After putting a kettle on to boil, Granny secured the towel to my head with her Sunday-best headscarf, and tied it with a sturdy yeoman’s knot. The same knot Papa had taught the boys and me to tie. When Granny’s teakettle blew its whistle, she hurried to hush its shrillness while I seated myself on a slatted chair near the round-tummy stove. Weariness filled my being, though the mantle clock had not yet struck 9:00 a.m.

Mrs. Beushaker bustled through the back door, releasing a fresh batch of autumn into the parlor. Granny’s longtime neighbor waved and smiled as she wrestled the hem of her dress to proper length, and then patted her wild gray hair back into place. She ambled to the kitchen when she heard Granny’s voice. Both women reappeared minutes later, Granny thrusting a tall glass of chocolate frothiness into my hands while Mrs. Beushaker shoved a straw into the mound of pale bubbles.

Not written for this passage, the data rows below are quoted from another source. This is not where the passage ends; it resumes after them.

Lemma eq_integral_comp_weight (phi psi : T -> R) :
    measurable_fun setT phi -> (forall x, 0 <= phi x)%R ->
    measurable_fun setT psi -> (forall x, 0 <= psi x)%R ->
    (forall A, measurable A -> \int[mu]_x (\1_A (X x) * phi x)%:E =
                               \int[mu]_x (\1_A (X x) * psi x)%:E) ->
  forall f : R -> R, measurable_fun setT f -> (forall r, 0 <= f r)%R ->
  \int[mu]_x (f (X x) * phi x)%:E = \int[mu]_x (f (X x) * psi x)%:E.
Proof.
move=> mphi phi0 mpsi psi0 phi_psi f mf f0.
have mfE : measurable_fun [set: R] (EFin \o f) by exact/measurable_EFinP.
pose h := nnsfun_approx measurableT mfE.
have approxE (g : T -> R) : measurable_fun setT g -> (forall x, 0 <= g x)%R ->
    \int[mu]_x (f (X x) * g x)%:E = limn (fun n => \int[mu]_x (h n (X x) * g x)%:E).
  move=> mg g0; rewrite -monotone_convergence//.
  - apply: eq_integral => x _; apply/esym/cvg_lim => //.
    rewrite EFinM; under eq_fun do rewrite EFinM.
    by apply: cvgeMr => //; apply: cvg_nnsfun_approx => // ? _; rewrite lee_fin.
  - move=> n; apply/measurable_EFinP; apply: measurable_funM => //.
    exact: measurableT_comp.
  - by move=> n x _; rewrite lee_fin mulr_ge0.
  - move=> x _ m n mn; rewrite lee_fin ler_wpM2r//.
    exact/lefP/nd_nnsfun_approx.
rewrite (approxE _ mphi phi0) (approxE _ mpsi psi0); congr (limn _).
apply/funext => n; rewrite !integral_nnsfun_comp_weight//.
by apply: eq_fsbigr => r _; rewrite phi_psi.
Qed.

Lemma integral_comp_weight_indep (phi : T -> R) (c : \bar R) :
    measurable_fun setT phi -> (forall x, 0 <= phi x)%R ->
    c \is a fin_num -> 0 <= c ->
    (forall A, measurable A ->
       \int[mu]_x (\1_A (X x) * phi x)%:E = mu (X @^-1` A) * c) ->
  forall f : R -> R, measurable_fun setT f -> (forall r, 0 <= f r)%R ->
  \int[mu]_x (f (X x) * phi x)%:E = \int[mu]_x (f (X x))%:E * c.
Proof.
move=> mphi phi0 /fineK <-; set k := fine c; rewrite lee_fin => k0 phi_indep f mf f0.
have integralZk (g : R -> R) : measurable_fun setT g -> (forall r, 0 <= g r)%R ->
    \int[mu]_x (g (X x) * k)%:E = \int[mu]_x (g (X x))%:E * k%:E.
  move=> mg g0; under eq_integral do rewrite EFinM.
  rewrite ge0_integralZr// => [|x _]; last by rewrite lee_fin.
  exact/measurable_EFinP/measurableT_comp.
rewrite -integralZk//.
apply: (@eq_integral_comp_weight phi (fun=> k)) => // A mA.
by rewrite phi_indep// integralZk ?integral_indic_comp.
Qed.

End integral_comp_weight.

Lemma integrable_ge0_lty d (T : measurableType d) (R : realType)
    (mu : {measure set T -> \bar R}) (f : T -> R) :
    measurable_fun setT f -> (forall x, 0 <= f x) ->
  (\int[mu]_x (f x)%:E < +oo)%E -> mu.-integrable setT (EFin \o f).
Proof.
move=> mf f0 f_lty; apply/integrableP; split; first exact/measurable_EFinP.
by under eq_integral do rewrite /= ger0_norm//.
Qed.

Lemma integral_onem d (T : measurableType d) (R : realType) (P : probability T R)
    (Y : T -> R) : P.-integrable setT (EFin \o Y) ->
  (\int[P]_x (1 - Y x)%:E = 1 - \int[P]_x (Y x)%:E)%E.
Proof.
move=> iY; under eq_integral do rewrite EFinB.
rewrite integralB_EFin//; last exact: finite_measure_integrable_cst.
by rewrite integral_cst//= probability_setT mul1e.
Qed.

Section independent_triple.
Local Open Scope ereal_scope.
Context d (T : measurableType d) (R : realType) (P : probability T R).
Variables U V W : T -> R.
Hypotheses (mU : measurable_fun setT U) (mV : measurable_fun setT V)
  (mW : measurable_fun setT W).
Hypothesis UVW_indep : forall A B C : set R,
  measurable A -> measurable B -> measurable C ->
  P (U @^-1` A `&` V @^-1` B `&` W @^-1` C) =
  P (U @^-1` A) * P (V @^-1` B) * P (W @^-1` C).

Let mpreimage (Z : T -> R) (A : set R) :
  measurable_fun setT Z -> measurable A -> measurable (Z @^-1` A).
Proof. by move=> mZ mA; rewrite -[Z @^-1` A]setTI; exact: mZ. Qed.

Let fin_num_integral (f : R -> R) (Z : T -> R) : (forall r, 0 <= f r)%R ->
  \int[P]_x (f (Z x))%:E < +oo -> \int[P]_x (f (Z x))%:E \is a fin_num.
Proof.
by move=> f0 fZ; rewrite ge0_fin_numE// integral_ge0// => x _; rewrite lee_fin.
Qed.

Let integral_comp_ge0 (f : R -> R) (Z : T -> R) : (forall r, 0 <= f r)%R ->
  0 <= \int[P]_x (f (Z x))%:E.
Proof. by move=> f0; rewrite integral_ge0// => x _; rewrite lee_fin. Qed.

Lemma integral_indic3_indep A B C : measurable A -> measurable B -> measurable C ->
  \int[P]_x (\1_A (U x) * \1_B (V x) * \1_C (W x))%:E =
  P (U @^-1` A) * P (V @^-1` B) * P (W @^-1` C).
Proof.
move=> mA mB mC; rewrite -UVW_indep// -[_ `&` _]setIT -integral_indic; last 2 first.
- by [].
- by apply: measurableI; [apply: measurableI|]; exact: mpreimage.
by apply: eq_integral => x _; rewrite !indicI.
Qed.

Lemma ge0_integral_mul_indic2_indep (f : R -> R) B C :
    measurable B -> measurable C ->
    measurable_fun setT f -> (forall r, 0 <= f r)%R ->
  \int[P]_x (f (U x) * \1_B (V x) * \1_C (W x))%:E =
  \int[P]_x (f (U x))%:E * P (V @^-1` B) * P (W @^-1` C).
Proof.
move=> mB mC mf f0; rewrite -muleA.
under eq_integral do rewrite -mulrA.
apply: integral_comp_weight_indep => //.
- by apply: measurable_funM; apply: measurableT_comp => //; exact: measurable_indic.
- by apply: fin_numM; apply: fin_num_measure; exact: mpreimage.
- by rewrite mule_ge0.
- move=> A mA; under eq_integral do rewrite mulrA.
  by rewrite integral_indic3_indep// muleA.
Qed.

Lemma ge0_integral_mul2_indic_indep (f g : R -> R) C : measurable C ->
    measurable_fun setT f -> (forall r, 0 <= f r)%R ->
    \int[P]_x (f (U x))%:E < +oo ->
    measurable_fun setT g -> (forall r, 0 <= g r)%R ->
  \int[P]_x (f (U x) * g (V x) * \1_C (W x))%:E =
  \int[P]_x (f (U x))%:E * \int[P]_x (g (V x))%:E * P (W @^-1` C).
Proof.
move=> mC mf f0 fU mg g0.
transitivity (\int[P]_x (g (V x) * (f (U x) * \1_C (W x)))%:E).
  by apply: eq_integral => x _; congr EFin; ring.
rewrite (@integral_comp_weight_indep _ _ _ P V mV _
  (\int[P]_x (f (U x))%:E * P (W @^-1` C)))//.
- by rewrite muleCA muleA.
- apply: measurable_funM; apply: measurableT_comp => //; exact: measurable_indic.
- by move=> x; rewrite mulr_ge0// indicE.
- apply: fin_numM; first exact: fin_num_integral.
  by apply: fin_num_measure; exact: mpreimage.
- by apply: mule_ge0 => //; exact: integral_comp_ge0.
- move=> B mB.
  transitivity (\int[P]_x (f (U x) * \1_B (V x) * \1_C (W x))%:E).
    by apply: eq_integral => x _; congr EFin; ring.
  by rewrite ge0_integral_mul_indic2_indep// muleCA muleA.
Qed.

Lemma ge0_integral_mul3_indep (f g h : R -> R) :
    measurable_fun setT f -> (forall r, 0 <= f r)%R ->
    \int[P]_x (f (U x))%:E < +oo ->
    measurable_fun setT g -> (forall r, 0 <= g r)%R ->
    \int[P]_x (g (V x))%:E < +oo ->
    measurable_fun setT h -> (forall r, 0 <= h r)%R ->
  \int[P]_x (f (U x) * g (V x) * h (W x))%:E =
  \int[P]_x (f (U x))%:E * \int[P]_x (g (V x))%:E * \int[P]_x (h (W x))%:E.
Proof.
move=> mf f0 fU mg g0 gV mh h0.
transitivity (\int[P]_x (h (W x) * (f (U x) * g (V x)))%:E).
  by apply: eq_integral => x _; congr EFin; ring.
rewrite (@integral_comp_weight_indep _ _ _ P W mW _
  (\int[P]_x (f (U x))%:E * \int[P]_x (g (V x))%:E))//.
- by rewrite muleC.
- by apply: measurable_funM; exact: measurableT_comp.
- by move=> x; rewrite mulr_ge0.
- by apply: fin_numM; exact: fin_num_integral.
- by apply: mule_ge0; exact: integral_comp_ge0.
- move=> C mC.
  transitivity (\int[P]_x (f (U x) * g (V x) * \1_C (W x))%:E).
    by apply: eq_integral => x _; congr EFin; ring.
  by rewrite ge0_integral_mul2_indic_indep// muleC.
Qed.

Lemma integrable_mul3_indep (f g h : R -> R) :
    measurable_fun setT f -> (forall r, 0 <= f r)%R ->
    \int[P]_x (f (U x))%:E < +oo ->
    measurable_fun setT g -> (forall r, 0 <= g r)%R ->
    \int[P]_x (g (V x))%:E < +oo ->
    measurable_fun setT h -> P.-integrable setT (EFin \o (h \o W)) ->
  P.-integrable setT (EFin \o (fun x => f (U x) * g (V x) * h (W x))%R).
Proof.
move=> mf f0 fU mg g0 gV mh /integrableP[_ hW]; apply/integrableP; split.
  apply/measurable_EFinP.
  by apply: measurable_funM; [apply: measurable_funM|]; exact: measurableT_comp.
under eq_integral do rewrite /= normrM ger0_norm ?mulr_ge0//.
rewrite (@ge0_integral_mul3_indep f g (fun r => `|h r|)%R)//.
- apply: lte_mul_pinfty => //.
  + by apply: mule_ge0; exact: integral_comp_ge0.
  + by apply: fin_numM; exact: fin_num_integral.
- exact: measurableT_comp.
Qed.

Lemma integral_mul3_indep (f g h : R -> R) :
    measurable_fun setT f -> (forall r, 0 <= f r)%R ->
    \int[P]_x (f (U x))%:E < +oo ->
    measurable_fun setT g -> (forall r, 0 <= g r)%R ->
    \int[P]_x (g (V x))%:E < +oo ->
    measurable_fun setT h -> P.-integrable setT (EFin \o (h \o W)) ->
  \int[P]_x (f (U x) * g (V x) * h (W x))%:E =
  \int[P]_x (f (U x))%:E * \int[P]_x (g (V x))%:E * \int[P]_x (h (W x))%:E.
Proof.
move=> mf f0 fU mg g0 gV mh ihW.
have ihW_pos := integrable_funrpos measurableT ihW.
have ihW_neg := integrable_funrneg measurableT ihW.
have hE r : h r = (h^\+ r - h^\- r)%R by rewrite -{1}(funrposBneg h).
have integralE : \int[P]_x (h (W x))%:E =
    \int[P]_x (h^\+ (W x))%:E - \int[P]_x (h^\- (W x))%:E.
  by rewrite -integralB_EFin//; apply: eq_integral => x _; rewrite -EFinB -hE.
transitivity (\int[P]_x ((f (U x) * g (V x) * h^\+ (W x))%:E -
                         (f (U x) * g (V x) * h^\- (W x))%:E)).
  by apply: eq_integral => x _; rewrite -EFinB -mulrBr -hE.
rewrite integralB_EFin//; last 2 first.
- by apply: integrable_mul3_indep => //; exact: measurable_funrpos.
- by apply: integrable_mul3_indep => //; exact: measurable_funrneg.
rewrite !ge0_integral_mul3_indep//; [|exact: measurable_funrneg|exact: measurable_funrpos].
rewrite integralE -muleBr//; last by rewrite fin_num_adde_defr// integrable_fin_num.
by apply: fin_numM; exact: fin_num_integral.
Qed.

(* The factor [1] is [h (W x)] for [h := fun=> 1], so that both terms have
   the shape handled by [integral_mul3_indep]. *)
Let mul_perturbedE (f g : R -> R) (w : R) x :
  (f (U x) * (g (V x) * W x + (1 - g (V x)) * w))%:E =
  (f (U x) * g (V x) * W x)%:E + w%:E * (f (U x) * (1 - g (V x)) * 1)%:E.
Proof. by rewrite -EFinM -EFinD; congr EFin; ring. Qed.

Let onem_comp {g : R -> R} {b : R} :
    measurable_fun setT g -> (forall r, 0 <= g r <= 1)%R ->
    \int[P]_x (g (V x))%:E = b%:E ->
  [/\ forall r, (0 <= g r)%R, measurable_fun setT (fun r => 1 - g r)%R,
      forall r, (0 <= 1 - g r)%R & \int[P]_x (1 - g (V x))%:E = (1 - b)%:E].
Proof.
move=> mg g01 gV; have g0 r : (0 <= g r)%R by case/andP: (g01 r).
split=> // [|r|]; first exact: measurable_funB.
  by rewrite subr_ge0; case/andP: (g01 r).
rewrite integral_onem ?gV//; apply: integrable_ge0_lty => //.
- exact: measurableT_comp.
- by rewrite gV ltry.
Qed.

Let integrable1 : P.-integrable setT (EFin \o ((fun=> 1%R) \o W)).
Proof. exact: finite_measure_integrable_cst. Qed.

Let integrable_perturbed_terms (f g : R -> R) (a b : R) :
    measurable_fun setT f -> (forall r, 0 <= f r)%R ->
    \int[P]_x (f (U x))%:E = a%:E ->
    measurable_fun setT g -> (forall r, 0 <= g r <= 1)%R ->
    \int[P]_x (g (V x))%:E = b%:E ->
    P.-integrable setT (EFin \o W) ->
  P.-integrable setT (fun x => (f (U x) * g (V x) * W x)%:E) /\
  P.-integrable setT (fun x => (f (U x) * (1 - g (V x)) * 1)%:E).
Proof.
move=> mf f0 fU mg g01 gV iW.
have [g0 monem_g onem_g0 onem_gV] := onem_comp mg g01 gV.
split; first by apply: (@integrable_mul3_indep f g id) => //; rewrite ?fU ?gV ltry.
by apply: (@integrable_mul3_indep f (fun r => 1 - g r)%R (fun=> 1%R));
  rewrite ?fU ?onem_gV ?ltry.
Qed.

Lemma integrable_mul_perturbed_indep (f g : R -> R) (a b w : R) :
    measurable_fun setT f -> (forall r, 0 <= f r)%R ->
    \int[P]_x (f (U x))%:E = a%:E ->
    measurable_fun setT g -> (forall r, 0 <= g r <= 1)%R ->
    \int[P]_x (g (V x))%:E = b%:E ->
    P.-integrable setT (EFin \o W) ->
  P.-integrable setT
    (EFin \o (fun x => f (U x) * (g (V x) * W x + (1 - g (V x)) * w))%R).
Proof.
move=> mf f0 fU mg g01 gV iW.
have [i1 i2] := integrable_perturbed_terms mf f0 fU mg g01 gV iW.
refine (eq_integrable measurableT _ _
  (fun x _ => esym (mul_perturbedE f g w x)) _).
by apply: integrableD => //; exact: integrableZl.
Qed.

Lemma integral_mul_perturbed_indep (f g : R -> R) (a b m w : R) :
    measurable_fun setT f -> (forall r, 0 <= f r)%R ->
    \int[P]_x (f (U x))%:E = a%:E ->
    measurable_fun setT g -> (forall r, 0 <= g r <= 1)%R ->
    \int[P]_x (g (V x))%:E = b%:E ->
    P.-integrable setT (EFin \o W) -> \int[P]_x (W x)%:E = m%:E ->
  \int[P]_x (f (U x) * (g (V x) * W x + (1 - g (V x)) * w))%:E =
  (a * (b * m + (1 - b) * w))%:E.
Proof.
move=> mf f0 fU mg g01 gV iW Wm.
have [g0 monem_g onem_g0 onem_gV] := onem_comp mg g01 gV.
have [i1 i2] := integrable_perturbed_terms mf f0 fU mg g01 gV iW.
have fU_lty : \int[P]_x (f (U x))%:E < +oo by rewrite fU ltry.
under eq_integral do rewrite mul_perturbedE.
rewrite integralD//; last exact: integrableZl.
rewrite integralZl// (@integral_mul3_indep f g id) ?gV ?ltry//.
rewrite (@integral_mul3_indep f (fun r => 1 - g r)%R (fun=> 1%R)) ?onem_gV ?ltry//.
rewrite fU Wm integral_cst//= probability_setT.
by rewrite -!EFinM -EFinD; congr EFin; ring.
Qed.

“Take a sip, sweet-pie. I think ye’ll like it.”

“Culp Foggarty down at the drugstore gave me the straw, Emma Grace. Said it would help your swallow-up go down a little easier.” Mrs. Beushaker bent at the waist, angling in close as though I couldn’t hear well. Her wide grin displayed a perfect set of pearly-white teeth. I’d have bet a five-penny pack of gum they were as artificial as the smile I returned to her.

Guess by now all of Galveston knows about my problem.

“This’ll be good for you. Better’n pot roast with all the trimmings.” Granny squared her shoulders, boosted her chin, and grinned at Mrs. Beushaker. Granny’s beaming smile took me by surprise, being she wasn’t prone to giving herself a pat on the back. “I filled it with a heap o’ good things: eggs, condensed milk, sugar, cocoa, vanilla. Drink it up. See if ye don’t feel a bit of strength pour into you.”

Granny crouched over me as though she might evidence the strength when it came pouring down. She didn’t move until I had drained the tumbler. My hands shook as I returned the empty glass to her, my tummy hard and feeling as bloated as a fish corpse washed ashore. I feared Granny’s brew might somersault its way back up my throat, onto her waxed floor, but, surprisingly, it stayed down.

As drowsiness settled over me, I began to suspect that Granny had stirred a sleep potion into her brew. She made a pallet for me in front of the stove, and I lay down. She removed the scarf and towel and spread out my hair like an oriental fan. Despite her scheme to hurry up the drying process, I knew its thickness would remain damp until the twilight hour. My eyelids closed.

I came alert some time later, softly-spoken words slurred in my haze of wakefulness.

“Seeing Emma Grace hurtin’ like she is just brings back all the pain,” Granny said in whispery tones.

“It’s been twenty-eight years, dearie. You must let it go.”

I lifted my head, viewing Granny and Mrs. Beushaker at the parlor table, drinking coffee or tea. From across the room I recognized the obvious sign of Granny’s weeping.

“It’s the time o’ year, Mrs. B. Fall always resurrects memories of those dreadful weeks following the storm. Bodies washing up on shore … the burying … the burning stacks—humans set aflame along with the trash, as though they had no more value than a pile of refuse. It haunts me still. Lucky ye are you weren’t living in Galveston when that wicked hurricane hit. Ye can’t imagine what it was like, searching through piles of carcasses, hoping and praying I wouldn’t find me family. Then, the horror of discovering my three little ones and their papa—half-buried in the muddy silt of Offat’s Bayou.”

Granny’s throat clogged. I heard the gasping and gurgling, as though her words were drowning in a great rush of tears. I squeezed my eyelids shut, desiring to hear everything, yet recoiling from the sound of Granny’s desperate sadness.

“I still see their precious faces in me mind. Sometimes, in me dreams, too. It’s then I’ll be reaching out to them, trying to pluck them from the water so’s I can take them to higher ground. But me legs and arms won’t work. They’re weighted down like stone pillars. I keep plowing through the ruck of bodies, but I can never reach me children. Then I wake up, my sad old arms as empty as when I climbed into bed the night before. Oh, God, why didn’t ye take me, too?”

“Perhaps … because he knew your oldest son would be needing you. You’ve been such a blessing to Roan and Annaleen. Look at you. Didn’t they turn to you when they needed help for Emma Grace?”